Extracted entries START
Lemma ses_of_annihilating_subobject m (sigma : 'I_m -> V)
    (omega : 'I_m -> kdual (fob HdR M)) (P : cobj C) (inj : 'I_m -> chom M P)
    (prj : 'I_m -> chom P M) (Z : cobj C) (kZ : chom Z Pr) :
  is_biprod inj prj -> carries_univ kZ -> annihilates (tsum sigma omega) kZ ->
  exists (N' N : cobj C) (iota : chom N' P) (pi : chom P N),
    [/\ is_ses iota pi,
        (exists s : fob HB N', forall i, fmor HB (ccomp (prj i) iota) s = sigma i) &
        (exists phi : kdual (fob HdR N),
            forall i, (phi \o fmor HdR pi \o fmor HdR (inj i))%VF = omega i)].
Proof.
move=> bp [z hz] hD.
set G := ccomp (coord_mor inj sigma) kZ.
have [Kh [I [Q [k [c [iota [pi [s1 s2 eG]]]]]]]] := image_fact HA G.
exists I, Q, iota, pi; split => //.
  exists (fmor HB c z) => i.
  by rewrite !(fmor_compE HBf) -(fmor_compE HBf iota) -eG (fmor_compE HBf) hz
    coord_mor_univ.
set w := (\sum_l (omega l \o fmor HdR (prj l)))%VF.
have [phi hphi] : exists phi : kdual (fob HdR Q), (phi \o fmor HdR pi)%VF = w.
  apply: factor_functional => x /(ses_mid HdRf s2) [y <-].
  have [y' <-] := ses_surj HdRf s1 y.
  rewrite -(fmor_compE HdRf) -eG (fmor_compE HdRf) -comp_lfunE /w.
  by rewrite -(tens_functional_tsum _ _ bp) -comp_lfunE hD zero_lfunE.
by exists phi => i; rewrite hphi biprod_functional_component.
Qed.

End UniversalElement.

Theorem mainTheorem2 (R : realType) (K : fieldType) (embK : {rmorphism K -> R[i]})
    (C : qcat) (HC : is_qabelian C)
    (HB : qfunctor C rat) (HBf : is_fiber_functor HB)
    (HdR : qfunctor C K) (HdRf : is_fiber_functor HdR)
    (M : cobj C) (m : nat) (sigma : 'I_m -> fob HB M)
    (omega : 'I_m -> kdual (fob HdR M)) :
  zero_in_Pinf HB HdR M (tsum sigma omega) ->
  exists (P : cobj C) (inj : 'I_m -> chom M P) (prj : 'I_m -> chom P M),
    is_biprod inj prj /\
    exists (N' N : cobj C) (iota : chom N' P) (pi : chom P N),
      [/\ is_ses iota pi,
          (exists s : fob HB N', forall i, fmor HB (ccomp (prj i) iota) s = sigma i) &
          (exists phi : kdual (fob HdR N),
              forall i, (phi \o fmor HdR pi \o fmor HdR (inj i))%VF = omega i)].
Proof.
move=> hzero.
have [Pr [injr [prjr Hr]]] := biprod_pow HC M (\dim (fullv : {vspace fob HB M})).
have [Z [kZ [hu hD]]] := annihilating_subobject HC HBf HdRf Hr hzero.
have [P [inj [prj bp]]] := biprod_pow HC M m.
exists P, inj, prj; split => //.
by apply: (ses_of_annihilating_subobject HC HBf HdRf Hr bp hu hD).
Qed.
Extracted entries END
Task goal: Please output the exact lines of the records above, beginning with the first and stopping after the line that holds "rewrite -(fmor_compE HdRf)", and nothing else.

Answer space:
Lemma ses_of_annihilating_subobject m (sigma : 'I_m -> V)
    (omega : 'I_m -> kdual (fob HdR M)) (P : cobj C) (inj : 'I_m -> chom M P)
    (prj : 'I_m -> chom P M) (Z : cobj C) (kZ : chom Z Pr) :
  is_biprod inj prj -> carries_univ kZ -> annihilates (tsum sigma omega) kZ ->
  exists (N' N : cobj C) (iota : chom N' P) (pi : chom P N),
    [/\ is_ses iota pi,
        (exists s : fob HB N', forall i, fmor HB (ccomp (prj i) iota) s = sigma i) &
        (exists phi : kdual (fob HdR N),
            forall i, (phi \o fmor HdR pi \o fmor HdR (inj i))%VF = omega i)].
Proof.
move=> bp [z hz] hD.
set G := ccomp (coord_mor inj sigma) kZ.
have [Kh [I [Q [k [c [iota [pi [s1 s2 eG]]]]]]]] := image_fact HA G.
exists I, Q, iota, pi; split => //.
  exists (fmor HB c z) => i.
  by rewrite !(fmor_compE HBf) -(fmor_compE HBf iota) -eG (fmor_compE HBf) hz
    coord_mor_univ.
set w := (\sum_l (omega l \o fmor HdR (prj l)))%VF.
have [phi hphi] : exists phi : kdual (fob HdR Q), (phi \o fmor HdR pi)%VF = w.
  apply: factor_functional => x /(ses_mid HdRf s2) [y <-].
  have [y' <-] := ses_surj HdRf s1 y.
  rewrite -(fmor_compE HdRf) -eG (fmor_compE HdRf) -comp_lfunE /w.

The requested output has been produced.